### [Given information]
(* The derivative of [ln mgf] at [x] is the tilted mean [p e^x / mgf x]; its own
   derivative [(1 - p) p e^x / mgf x ^ 2] is at most [1/4] by AM-GM. *)
Lemma tilted_mean_le c : 0 <= c -> p * expR c / mgf c - p <= c / 4.
Proof.
move=> c0; pose tilt x := 1 - (1 - p) * (mgf x)^-1.
have tiltE x : tilt x = p * expR x / mgf x.
  by rewrite /tilt /mgf; field; rewrite gt_eqF // mgf_gt0.
have dtilt x : is_derive x (1 : R) tilt ((1 - p) * (p * expR x) / mgf x ^+ 2).
  have := is_deriveB (is_derive_cst (1 : R) x (1 : R))
    (is_deriveZ (1 - p) (is_deriveV (lt0r_neq0 (mgf_gt0 x)) (is_derive_mgf x))).
  by move=> H; apply: is_derive_eq H _; rewrite /GRing.scale /=; field; rewrite gt_eqF.
have [d _ tiltD] :=
  MVT_segment c0 (fun x _ => dtilt x) (@is_derive_within_continuous _ _ 0 c dtilt).
have tilt0 : tilt 0 = p by rewrite tiltE /mgf expR0 mulr1 subrK divr1.
rewrite -tiltE -tilt0 tiltD subr0 mulrC ler_wpM2l // ler_pdivrMr ?exprn_gt0 //.
have := sqr_ge0 (1 - p - p * expR d); rewrite /mgf; nra.
Qed.

Lemma bernoulli_mgf_le l : 0 <= l -> mgf l <= expR (l * p + l ^+ 2 / 8).
Proof.
move=> l0; pose h x := ln (mgf x) - p * x - 8^-1 * x ^+ 2.
have dh x : is_derive x (1 : R) h (p * expR x / mgf x - p - x / 4).
  have dln : is_derive x (1 : R) ((@ln R) \o mgf) ((mgf x)^-1 * (p * expR x)).
    exact: is_derive1_comp (is_derive1_ln (mgf_gt0 x)) (is_derive_mgf x).
  have := is_deriveB (is_deriveB dln (is_deriveZ p (is_derive_id x (1 : R))))
    (is_deriveZ (8^-1 : R) (is_deriveX 2 (is_derive_id x (1 : R)))).
  by move=> H; apply: is_derive_eq H _; rewrite /GRing.scale /=; field; rewrite gt_eqF.
have [d d0l hD] :=
  MVT_segment l0 (fun x _ => dh x) (@is_derive_within_continuous _ _ 0 l dh).
have d0 : 0 <= d by move: d0l; rewrite in_itv /= => /andP[].
have h0 : h 0 = 0 by rewrite /h /mgf expR0 mulr1 subrK ln1 mulr0 expr0n /= mulr0 !subr0.
have hl : h l <= 0.
  have : h l - h 0 <= 0 by rewrite hD subr0 mulr_le0_ge0 //; have := tilted_mean_le d0; lra.
  by rewrite h0 subr0.
have : ln (mgf l) <= l * p + l ^+ 2 / 8 by move: hl; rewrite /h; lra.
by rewrite -ler_expR lnK ?posrE.
Qed.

### [Task statement]
Could you restate word for word the lines above, from the one that contains "move=> l0; pose" through the one that contains "by rewrite h0 subr0.", and no others?

### [Solution for this task]
move=> l0; pose h x := ln (mgf x) - p * x - 8^-1 * x ^+ 2.
have dh x : is_derive x (1 : R) h (p * expR x / mgf x - p - x / 4).
  have dln : is_derive x (1 : R) ((@ln R) \o mgf) ((mgf x)^-1 * (p * expR x)).
    exact: is_derive1_comp (is_derive1_ln (mgf_gt0 x)) (is_derive_mgf x).
  have := is_deriveB (is_deriveB dln (is_deriveZ p (is_derive_id x (1 : R))))
    (is_deriveZ (8^-1 : R) (is_deriveX 2 (is_derive_id x (1 : R)))).
  by move=> H; apply: is_derive_eq H _; rewrite /GRing.scale /=; field; rewrite gt_eqF.
have [d d0l hD] :=
  MVT_segment l0 (fun x _ => dh x) (@is_derive_within_continuous _ _ 0 l dh).
have d0 : 0 <= d by move: d0l; rewrite in_itv /= => /andP[].
have h0 : h 0 = 0 by rewrite /h /mgf expR0 mulr1 subrK ln1 mulr0 expr0n /= mulr0 !subr0.
have hl : h l <= 0.
  have : h l - h 0 <= 0 by rewrite hD subr0 mulr_le0_ge0 //; have := tilted_mean_le d0; lra.
  by rewrite h0 subr0.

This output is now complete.